Lemma diamond_of_triangles (X Y : {set T}) :
  X \in triangles e -> Y \in triangles e -> #|X :&: Y| = 2 ->
  is_diamond e (pairs X :|: pairs Y).
Proof.
move=> tX tY cXY; have cX := triangle_card tX; have cY := triangle_card tY.
apply/and3P; split.
- by rewrite subUset -!clique_pairsE !triangle_clique.
- by rewrite cardsU pairsI !card_pairs cXY cX cY.
- by rewrite bigcup_setU !pairs_cover ?cX ?cY // cardsU cXY cX cY.
Qed.

Definition vertices (D : {set {set T}}) : {set T} := \bigcup_(f in D) f.

Lemma diamond_missing_pair (D : {set {set T}}) :
  is_diamond e D -> exists2 h, h \in pairs (vertices D) & D = pairs (vertices D) :\ h.
Proof.
case/and3P => /subsetP DE /eqP cD /eqP cV.
have DV : D \subset pairs (vertices D).
  apply/subsetP => f fD; rewrite inE (bigcup_sup _ fD).
  by rewrite (edge_card (DE _ fD)).
have : #|pairs (vertices D) :\: D| = 1.
  by rewrite cardsD (setIidPr DV) card_pairs cV cD.
move/eqP/cards1P => [h hdef]; exists h; first by have := set11 h; rewrite -hdef inE => /andP [].
by rewrite -hdef setDDr setDv set0U (setIidPr DV).
Qed.

Lemma pairs_del_vertex (V h : {set T}) (c : T) :
  c \in h -> pairs (V :\ c) \subset pairs V :\ h.
Proof.
move=> ch; apply/subsetP => A; rewrite !inE => /andP [AVc ->].
rewrite (subset_trans AVc (subsetDl _ _)) !andbT.
by move: AVc; apply: contraTneq => ->; apply/subsetPn; exists c; rewrite // !inE eqxx.
Qed.
Lemma k3form_delta x j : '[x, delta_mx 0 j] = (x *m k3gram) 0 j.
Proof. by rewrite /k3form trmx_delta -colE mxE. Qed.

(* Unimodularity; for [d = 0] this is nondegeneracy. *)
Lemma k3form_dvd (d : int) x :
  (forall y, (d %| '[x, y])%Z) -> exists w, x = d *: w.
Proof.
move=> dvd_x; pose w := \row_j divz ((x *m k3gram) 0 j) d.
have xG : x *m k3gram = d *: w.
  apply/rowP => j; rewrite [RHS]mxE [w 0 j]mxE mulrC divzK // -k3form_delta.
  exact: dvd_x.
by exists (w *m k3inv); rewrite -[x]mulmx1 -k3gram_inv mulmxA xG scalemxAl.
Qed.

Lemma scalemxI (R : idomainType) m n (c : R) :
  c != 0 -> injective (fun A : 'M[R]_(m, n) => c *: A).
Proof.
move=> c_neq0 A B /matrixP eqAB; apply/matrixP => i j.
by apply: (mulfI c_neq0); have := eqAB i j; rewrite !mxE.
Qed.

Lemma mul_rV_lin1_additive m n (h : 'rV[int]_m -> 'rV[int]_n) :
  {morph h : x y / x - y} -> forall u, u *m lin1_mx h = h u.
Proof.
move=> hB u.
pose hA : {additive 'rV[int]_m -> 'rV[int]_n} :=
  HB.pack h (GRing.isZmodMorphism.Build _ _ h hB).
have hD : {morph h : x y / x + y} := raddfD hA.
have hZ c : {morph h : x / x *~ c} := raddfMz hA c.
rewrite mulmx_sum_row {2}(row_sum_delta u) (big_morph h hD (raddf0 hA)).
apply: eq_bigr => i _; rewrite -[u 0 i]intz !scaler_int hZ; congr (_ *~ _).
by apply/rowP => j; rewrite !mxE.
Qed.

Lemma mx_entry_delta (R : pzSemiRingType) m (B : 'M[R]_m) (i j : 'I_m) :
  (delta_mx (0 : 'I_1) i *m B *m (delta_mx (0 : 'I_1) j)^T) 0 0 = B i j.
Proof. by rewrite trmx_delta -colE mxE -rowE mxE. Qed.
Definition C1_partials (R : realType) (N : nat) (f : 'rV[R]_N -> R) :=
  continuous f /\
  (forall (j : 'I_N) x, derivable f x (ej R j)) /\
  (forall j : 'I_N, continuous (pd j f)).

Definition Xfield (R : realType) (h N : nat) (sigma : 'I_h -> 'I_N -> 'rV[R]_N -> R)
  (i : 'I_h) (f : 'rV[R]_N -> R) : 'rV[R]_N -> R :=
  fun x => \sum_(j < N) sigma i j x * pd j f x.

Definition gradL (R : realType) (h N : nat) (sigma : 'I_h -> 'I_N -> 'rV[R]_N -> R)
  (f : 'rV[R]_N -> R) : 'rV[R]_N -> 'rV[R]_h :=
  fun x => \row_(i < h) Xfield sigma i f x.

Definition divL (R : realType) (h N : nat) (sigma : 'I_h -> 'I_N -> 'rV[R]_N -> R)
  (Z : 'rV[R]_N -> 'rV[R]_h) : 'rV[R]_N -> R :=
  fun x => \sum_(j < N) pd j (fun y => \sum_(i < h) sigma i j y * Z y 0 i) x.

Definition enorm (R : realType) (n : nat) (v : 'rV[R]_n) : R :=
  Num.sqrt (\sum_(i < n) v 0 i ^+ 2).
Definition edot (R : realType) (n : nat) (u v : 'rV[R]_n) : R :=
  \sum_(i < n) u 0 i * v 0 i.

Definition Lp (R : realType) (h N : nat) (sigma : 'I_h -> 'I_N -> 'rV[R]_N -> R)
  (p : R) (u : 'rV[R]_N -> R) : 'rV[R]_N -> R :=
  divL sigma (fun y => powR (enorm (gradL sigma u y)) (p - 2) *: gradL sigma u y).

Definition dil (R : realType) (N : nat) (beta : 'I_N -> R) (lam : R)
  (x : 'rV[R]_N) : 'rV[R]_N :=
  \row_(j < N) (powR lam (beta j) * x 0 j).

From HB Require Import structures.
From mathcomp Require Import all_boot all_order all_algebra.
From mathcomp Require Import all_classical all_reals all_analysis.
From mathcomp Require Import ring lra.
Import Order.TTheory GRing.Theory Num.Theory.
Import numFieldNormedType.Exports.
Local Open Scope classical_set_scope.
Local Open Scope ring_scope.
Set Implicit Arguments. Unset Strict Implicit. Unset Printing Implicit Defensive.

(* By the chain rule, the p-flux |grad_L u|^(p-2) grad_L u of u = d^((p-Q)/(p-1))
   (of u = - ln d when p = Q) is a constant multiple of d^(1-Q) F_p, where F_p is
   the p-flux of d. So hypothesis (iv) says div_L (d^(1-Q) F_p) = 0, and the
   product rule turns this into d^(1-Q) L_p d + (1-Q) d^(-Q) |grad_L d|^p = 0,
   the first identity. For p = 3 the flux is |grad_L d| * (d^(1-Q) grad_L d),
   and div_L (d^(1-Q) grad_L d) = 0 (case p = 2), so the product rule leaves
   d^(1-Q) grad_L |grad_L d| . grad_L d = 0. The third field is
   |grad_L d|^(alpha+p-2) times the same divergence-free field, and the product
   rule with this orthogonality gives zero. Where grad_L d vanishes, the
   weights |grad_L d|^s need not be differentiable; they are however continuous
   and multiply a field that vanishes there, which is all the product rule
   needs at that point. *)

Definition pflux (R : realType) (h N : nat) (sigma : 'I_h -> 'I_N -> 'rV[R]_N -> R)
  (p : R) (u : 'rV[R]_N -> R) (y : 'rV[R]_N) : 'rV[R]_h :=
  enorm (gradL sigma u y) `^ (p - 2) *: gradL sigma u y.

Definition coord_derivable (R : realType) (N h : nat)
  (Z : 'rV[R]_N -> 'rV[R]_h) (x : 'rV[R]_N) :=
  forall (i : 'I_h) (j : 'I_N), derivable (fun y => Z y 0 i) x (ej R j).

Lemma LpE (R : realType) (h N : nat) (sigma : 'I_h -> 'I_N -> 'rV[R]_N -> R) p u :
  Lp sigma p u = divL sigma (pflux sigma p u).
Proof. by []. Qed.

Section DirectionalDerivative.
Variables (R : realType) (N : nat).
Implicit Types (f g : 'rV[R]_N -> R) (x v : 'rV[R]_N).

Lemma derive_lineE f x v : 'D_v f x = 'D_1 (fun t : R => f (t *: v + x)) 0.
Proof.
rewrite /derive; congr (lim (_ @ 0^')); apply/funext => t /=.
by rewrite addr0 scale0r add0r [_%:A]mulr1.
Qed.

Lemma is_derive_comp f (phi : R -> R) x v df dphi :
  is_derive x v f df -> is_derive (f x) 1 phi dphi ->
  is_derive x v (phi \o f) (dphi * df).
Proof.
move=> [fD f'] [phiD phi'].
have lineD : derivable (fun t : R => f (t *: v + x)) 0 1 by apply/(derivable1P f x v).
have line0 : f (0 *: v + x) = f x by rewrite scale0r add0r.
have phiD' : derivable phi (f (0 *: v + x)) 1 by rewrite line0.
split.
  apply/derivable1P/derivable1_diffP.
  apply: (@differentiable_comp _ _ _ _ (fun t : R => f (t *: v + x)) phi).
    exact/derivable1_diffP.
  exact/derivable1_diffP.
rewrite derive_lineE -derive1E.
by rewrite (derive1_comp lineD phiD') !derive1E line0 phi' -derive_lineE f'.
Qed.

Lemma derivable_powR f x v s :
  derivable f x v -> 0 < f x -> derivable (fun y => f y `^ s) x v.
Proof.
move=> fD fx_gt0.
by case: (is_derive_comp (derivableP fD) (is_derive1_powR s fx_gt0)).
Qed.

Lemma deriveMr f g x v : derivable f x v -> derivable g x v ->
  'D_v (fun y => f y * g y) x = f x * 'D_v g x + g x * 'D_v f x.
Proof. exact: deriveM. Qed.

Lemma derivable_sumf n (F : 'I_n -> 'rV[R]_N -> R) x v :
  (forall i, derivable (F i) x v) -> derivable (fun y => \sum_(i < n) F i y) x v.
Proof.
move=> FD; have -> : (fun y => \sum_(i < n) F i y) = \sum_(i < n) F i.
  by apply/funext => y; rewrite fct_sumE.
exact: derivable_sum.
Qed.

Lemma derivable_cvg_line f x v :
  derivable f x v -> (fun t : R => f (t *: v + x)) @ 0^' --> f x.
Proof.
move=> /derivable1P/derivable1_diffP/differentiable_continuous lineC.
have -> : f x = f (0 *: v + x) by rewrite scale0r add0r.
apply: cvg_trans lineC; apply: cvg_app; exact: cvg_within.
Qed.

* **To do**
Out of the listing above, reproduce exactly the lines from the one with "From mathcomp Require Import all_boot" up to and including the one with "Set Implicit Arguments.".

* **Result**
From mathcomp Require Import all_boot all_order all_algebra.
From mathcomp Require Import all_classical all_reals all_analysis.
From mathcomp Require Import ring lra.
Import Order.TTheory GRing.Theory Num.Theory.
Import numFieldNormedType.Exports.
Local Open Scope classical_set_scope.
Local Open Scope ring_scope.
Set Implicit Arguments. Unset Strict Implicit. Unset Printing Implicit Defensive.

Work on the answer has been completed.